李繁正坐在别业的大厅中,听到樊伷的叫嚷声,他不紧不慢站起身,整理一下衣衫,和诸葛蕾一起朝着门口走去。
“樊老先生,一大清早的,如此兴师动众,所为何事啊?”
樊伷手指着李繁骂道:"李大人深夜造访水浇地,插得满地竹筹,是怕本官的别业闹鬼么?"
“我确实是怕鬼”,李繁一步一个台阶,慢慢走下来,直到青白石块上站稳,眉眼扫过阶下五百人马,淡然笑道:“所以才要诛邪!昨夜我丈量了东乡,按《九章算术》核了三遍的数目,那可不止百顷腴田。”
"好个书呆子!"樊伷抚须大笑,玉带扣崩落青石板地,"湖阳的地,姓樊!有多少都和你无关!"
李繁抬起头,望了两三眼天空,看时间也差不多了,也学对方大笑:“樊老先生,这天下土地,岂容你一人独占?我下的令,开荒安民,正军备战,你却在扯我后腿,看来是不到黄河心不死!”
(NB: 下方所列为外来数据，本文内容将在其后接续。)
(* Let $M,N,K$ be positive integers, let $s,r$ be integers with $1\le r\le \min\{s,K\}$ and $s\le N$, and let $A\in\mathbb{R}^{M\times N}$. Suppose the map $Z\mapsto AZ$ is injective on $\Sigma_{s,r}$. Then for every $X\in\Sigma_s$ we have $\operatorname{rank}(X)=\operatorname{rank}(AX)$.
   Context: A matrix $X\in\mathbb{R}^{N\times K}$ is called $s$-row sparse if at most $s$ of its rows are non-zero. $\Sigma_s$ denotes the set of all $s$-row sparse matrices in $\mathbb{R}^{N\times K}$, and $\Sigma_{s,r}$ denotes the set of all $s$-row sparse matrices in $\mathbb{R}^{N\times K}$ of rank at least $r$. *)

From mathcomp Require Import all_boot all_order all_algebra.
From mathcomp Require Import reals.
Set Implicit Arguments. Unset Strict Implicit. Unset Printing Implicit Defensive.
Import GRing.Theory Num.Theory.
Local Open Scope ring_scope.

Definition row_sparse (R : nzRingType) (N K s : nat) (X : 'M[R]_(N, K)) : bool :=
  (#|[set i : 'I_N | row i X != 0%R]| <= s)%N.

Definition Sigma_s (R : nzRingType) (N K s : nat) : pred 'M[R]_(N, K) :=
  fun X => row_sparse s X.

Definition Sigma_sr (R : fieldType) (N K s r : nat) : pred 'M[R]_(N, K) :=
  fun X => row_sparse s X && (r <= \rank X)%N.

From mathcomp Require Import all_boot all_order all_algebra.
From mathcomp Require Import reals.
Set Implicit Arguments. Unset Strict Implicit. Unset Printing Implicit Defensive.
Import GRing.Theory Num.Theory.
Local Open Scope ring_scope.

(* Always rank (A X) <= rank X.  If the inequality were strict, the column
   space of X would contain some x <> 0 with A x = 0, and x is s-row sparse
   because its support lies in the row support of X.  Enlarge supp x to a set
   T of s rows and pick distinct rows f_0 = i0 (with x_i0 <> 0), f_1, ...,
   f_(r-1) in T.  The matrices Z_t with first column t x, k-th column e_(f_k)
   for 0 < k < r, and zero elsewhere are supported on T; for t <> 0 their rows
   f_0, ..., f_(r-1) form a lower triangular block with diagonal
   t x_i0, 1, ..., 1, so rank Z_t = r.  Yet A Z_1 = A Z_2 while Z_1 <> Z_2. *)

Lemma exists_superset_card (T : finType) (A : {set T}) n :
  (#|A| <= n <= #|T|)%N -> exists2 B : {set T}, A \subset B & #|B| = n.
Proof.
case/andP=> leAn lenT.
have /card_geqP[s [uniq_s size_s sCA]] : (n - #|A| <= #|~: A|)%N.
  by rewrite -[#|~: A|](addKn #|A|) cardsC leq_sub2r.
exists (A :|: [set i in s]); first exact: subsetUl.
have disjAs : A :&: [set i in s] = set0.
  by apply/setP => i; rewrite !inE; apply/andP => -[iA /sCA]; rewrite inE iA.
by rewrite cardsU disjAs cards0 subn0 cardsE (card_uniqP uniq_s) size_s subnKC.
Qed.

Lemma exists_injection_ord_in (T : finType) (A : {set T}) (a : T) n :
  a \in A -> (n < #|A|)%N ->
  exists f : 'I_n.+1 -> T, [/\ injective f, f ord0 = a & forall k, f k \in A].
Proof.
move=> aA; rewrite (cardsD1 a A) aA ltnS => /card_geqP[s [uniq_s size_s sAa]].
have uniq_as : uniq (a :: s).
  by rewrite /= uniq_s andbT; apply/negP => /sAa; rewrite !inE eqxx.
exists (fun k => nth a (a :: s) k); split=> //.
- by move=> i j /eqP; rewrite nth_uniq //= ?size_s ?ltn_ord // => /eqP/val_inj.
- case=> [[|k]] //= ltkn; have /sAa : nth a s k \in s by rewrite mem_nth ?size_s.
  by case/setD1P.
Qed.

Definition row_support (R : nzRingType) m n (X : 'M[R]_(m, n)) : {set 'I_m} :=
  [set i | row i X != 0].

Lemma row_support_cV (R : nzRingType) n (x : 'cV[R]_n) i :
  (i \in row_support x) = (x i 0 != 0).
Proof.
rewrite inE; congr negb; apply/eqP/eqP => [/rowP/(_ 0)|xi0]; first by rewrite !mxE.
by apply/rowP => j; rewrite ord1 !mxE.
Qed.

Lemma row_support_mulmx (R : nzRingType) m n p
    (X : 'M[R]_(m, n)) (B : 'M[R]_(n, p)) :
  row_support (X *m B) \subset row_support X.
Proof.
apply/subsetP => i; rewrite !inE row_mul.
by apply: contraNN => /eqP->; rewrite mul0mx.
Qed.

Lemma row_sparse_mulmx (R : nzRingType) m n p s
    (X : 'M[R]_(m, n)) (B : 'M[R]_(n, p)) :
  row_sparse s X -> row_sparse s (X *m B).
Proof. exact/leq_trans/subset_leq_card/row_support_mulmx. Qed.

Lemma mxrank_mul_ltn_ker (R : fieldType) m n p
    (A : 'M[R]_(m, n)) (X : 'M[R]_(n, p)) :
  (\rank (A *m X) < \rank X)%N ->
  exists2 w : 'cV[R]_p, X *m w != 0 & A *m (X *m w) = 0.
Proof.
move=> lt_rank; have : (X^T :&: kermx A^T)%MS != 0.
  have := mxrank_mul_ker X^T A^T; rewrite -trmx_mul !mxrank_tr => rank_sum.
  by rewrite -mxrank_eq0 -lt0n -(ltn_add2l (\rank (A *m X))) addn0 rank_sum.
case/rowV0Pn => v; rewrite sub_capmx => /andP[/submxP[w ->] /sub_kermxP wXA] wX0.
exists w^T.
- apply: contraNneq wX0 => Xw0; apply/eqP.
  by rewrite -[LHS]trmxK trmx_mul trmxK Xw0 trmx0.
- by apply: trmx_inj; rewrite !trmx_mul trmxK wXA trmx0.
Qed.

Section Witness.

Variables (R : fieldType) (N r : nat) (x : 'cV[R]_N) (f : 'I_r.+1 -> 'I_N).

Definition unit_cols : 'M[R]_(N, r.+1) :=
  \matrix_(i, k) ((k != ord0) && (i == f k))%:R.

Definition witness_mx (t : R) : 'M[R]_(N, r.+1) :=
  unit_cols + t *: (x *m delta_mx 0 ord0).

Lemma witness_mxE t i k :
  witness_mx t i k = if k == ord0 then t * x i 0 else (i == f k)%:R.
Proof.
rewrite !mxE big_ord1 !mxE eqxx /=.
by case: (k =P ord0) => [->|_] /=; rewrite ?add0r ?mulr1 ?mulr0 ?addr0.
Qed.

Lemma mulmx_witness_mx M (A : 'M[R]_(M, N)) t :
  A *m x = 0 -> A *m witness_mx t = A *m unit_cols.
Proof. by move=> Ax0; rewrite mulmxDr -scalemxAr mulmxA Ax0 mul0mx scaler0 addr0. Qed.

Lemma row_support_witness_mx (T : {set 'I_N}) t :
  row_support x \subset T -> (forall k, f k \in T) ->
  row_support (witness_mx t) \subset T.
Proof.
move=> /subsetP supp_x fT; apply/subsetP => i; rewrite inE; apply: contraNT => iT.
have xi0 : x i 0 = 0.
  by apply/eqP; apply: contraNT iT => xi_neq0; apply: supp_x; rewrite row_support_cV.
apply/eqP/rowP => k; rewrite [LHS]mxE witness_mxE mxE xi0 mulr0.
by case: eqP => // _; case: eqP => // eq_i; rewrite eq_i fT in iT.
Qed.

Hypotheses (f_inj : injective f) (x_f0 : x (f ord0) 0 != 0).

Lemma rowsub_witness_mx_unit t : t != 0 -> rowsub f (witness_mx t) \in unitmx.
Proof.
move=> t_neq0; rewrite unitmxE unitfE det_trig.
  rewrite big_ord_recl big1 => [|k _]; rewrite mxE witness_mxE ?eqxx.
    by rewrite mulr1 mulf_neq0.
  by rewrite [_ == ord0]eq_sym (negbTE (neq_lift _ _)).
apply/is_trig_mxP => i j lt_ij; rewrite mxE witness_mxE (inj_eq f_inj).
have j_neq0 : j != ord0 by rewrite -val_eqE -lt0n (leq_ltn_trans _ lt_ij).
by rewrite (negbTE j_neq0) -val_eqE (ltn_eqF lt_ij).
Qed.

Lemma mxrank_witness_mx t : t != 0 -> \rank (witness_mx t) = r.+1.
Proof.
move=> t_neq0; apply/eqP; rewrite eqn_leq rank_leq_col /=.
by rewrite -{1}(mxrank_unit (rowsub_witness_mx_unit t_neq0)) rowsubE mxrankM_maxr.
Qed.

End Witness.

Lemma sparse_kernel_vector_not_injective (R : numFieldType) M N K s r
    (A : 'M[R]_(M, N)) (x : 'cV[R]_N) :
  (0 < r)%N -> (r <= minn s K)%N -> (s <= N)%N ->
  x != 0 -> A *m x = 0 -> row_sparse s x ->
  ~ {in @Sigma_sr R N K s r &, injective (mulmx A)}.
Proof.
case: r => // r _; rewrite leq_min => /andP[le_rs le_rK] le_sN.
move=> x_neq0 Ax0 sparse_x inj_A.
have /existsP[i0 xi0] : [exists i, x i 0 != 0].
  apply: contraNT x_neq0 => /existsPn x0.
  by apply/eqP/matrixP => i j; rewrite ord1 mxE; apply/eqP/negPn/x0.
have [T supp_xT card_T] : exists2 T : {set 'I_N}, row_support x \subset T & #|T| = s.
  by apply: exists_superset_card; rewrite card_ord le_sN andbT.
have i0T : i0 \in T by apply: (subsetP supp_xT); rewrite row_support_cV.
have [f [f_inj f0 fT]] : exists f : 'I_r.+1 -> 'I_N,
    [/\ injective f, f ord0 = i0 & forall k, f k \in T].
  by apply: exists_injection_ord_in; rewrite ?card_T.
have free_pid : row_free (pid_mx r.+1 : 'M[R]_(r.+1, K)).
  by rewrite /row_free rank_pid_mx.
pose Z t : 'M[R]_(N, K) := witness_mx x f t *m pid_mx r.+1.
have Z_Sigma t : t != 0 -> Z t \in @Sigma_sr R N K s r.+1.
  move=> t_neq0; rewrite unfold_in /Sigma_sr /= (mxrankMfree _ free_pid).
  rewrite mxrank_witness_mx ?f0 // leqnn andbT; apply: row_sparse_mulmx.
  by rewrite /row_sparse -card_T subset_leq_card // row_support_witness_mx.
have AZ t : A *m Z t = A *m (unit_cols R f *m pid_mx r.+1).
  by rewrite /Z !mulmxA mulmx_witness_mx.
have two_neq0 : (2 : R) != 0 by rewrite pnatr_eq0.
have := inj_A _ _ (Z_Sigma 1 (oner_neq0 _)) (Z_Sigma 2 two_neq0).
move=> /(_ (etrans (AZ 1) (esym (AZ 2))))/(row_free_inj free_pid)/matrixP.
move=> /(_ i0 ord0); rewrite !witness_mxE eqxx mul1r.
move/eqP; rewrite -subr_eq0 -{1}[x i0 0]mul1r -mulrBl mulf_eq0 (negbTE xi0) orbF.
by rewrite subr_eq0 (eqr_nat R 1 2).
Qed.

Theorem proposition1 (R : realType) (M N K s r : nat)
  (A : 'M[R]_(M, N)) :
  (0 < M)%N -> (0 < N)%N -> (0 < K)%N ->
  (1 <= r)%N -> (r <= minn s K)%N -> (s <= N)%N ->
  {in @Sigma_sr R N K s r &, injective (fun Z : 'M[R]_(N, K) => A *m Z)} ->
  forall X : 'M[R]_(N, K), X \in @Sigma_s R N K s -> \rank X = \rank (A *m X).
Proof.
move=> _ _ _ r_gt0 le_r le_sN inj_A X sparse_X.
apply/eqP; rewrite eqn_leq mxrankM_maxr andbT leqNgt; apply/negP.
case/mxrank_mul_ltn_ker => w Xw_neq0 AXw0.
have sparse_Xw : row_sparse s (X *m w) := row_sparse_mulmx w sparse_X.
exact: (sparse_kernel_vector_not_injective r_gt0 le_r le_sN Xw_neq0 AXw0 sparse_Xw inj_A).
Qed.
樊伷不怒反笑,一脚踢开地上崩落的玉带,拍拍自己的肚皮:“李繁,你不过是个小小太守,敢来管我樊家的事?我和襄阳蔡家联系可不少,像这样的望湖别业,我不知给蔡家修了多少。就连魏延这个湖阳令也得给我三份薄面。你以为我不知道你的底细?你不过是接生的小郎中,刘荆州一时开心才赏你个南阳太守,在这猖狂什么!”
“既然你对我的事情这么了解,那你又知不知道,魏延怎么死的,你引以为傲的蔡家蔡和又是怎么死的?”
至此,樊伷已笑不出来。
自上次魏延率军出征,数千人马迄今未归,他虽未在意,依旧在湖阳肆意妄为,继续当他的山大王。
湖阳有县令与否,于他而言并无差别。魏延在时,望湖别业让他居住倒也无妨,如今轮到李繁入住,他本欲借此将李繁束缚,二人沆瀣一气,共同掌控湖阳。
至于蔡和,听闻其吸食五石散后,在檀溪边上丢了性命,李繁如此言语,莫非两人之死与他有所关联?
"两位大人,有话好好说,何必动刀动枪的呢?两位不妨先消消气,咱们坐下来慢慢商量。"
樊伷正思考中,队伍不远的后方,传来正气十足,沉稳非常的声音。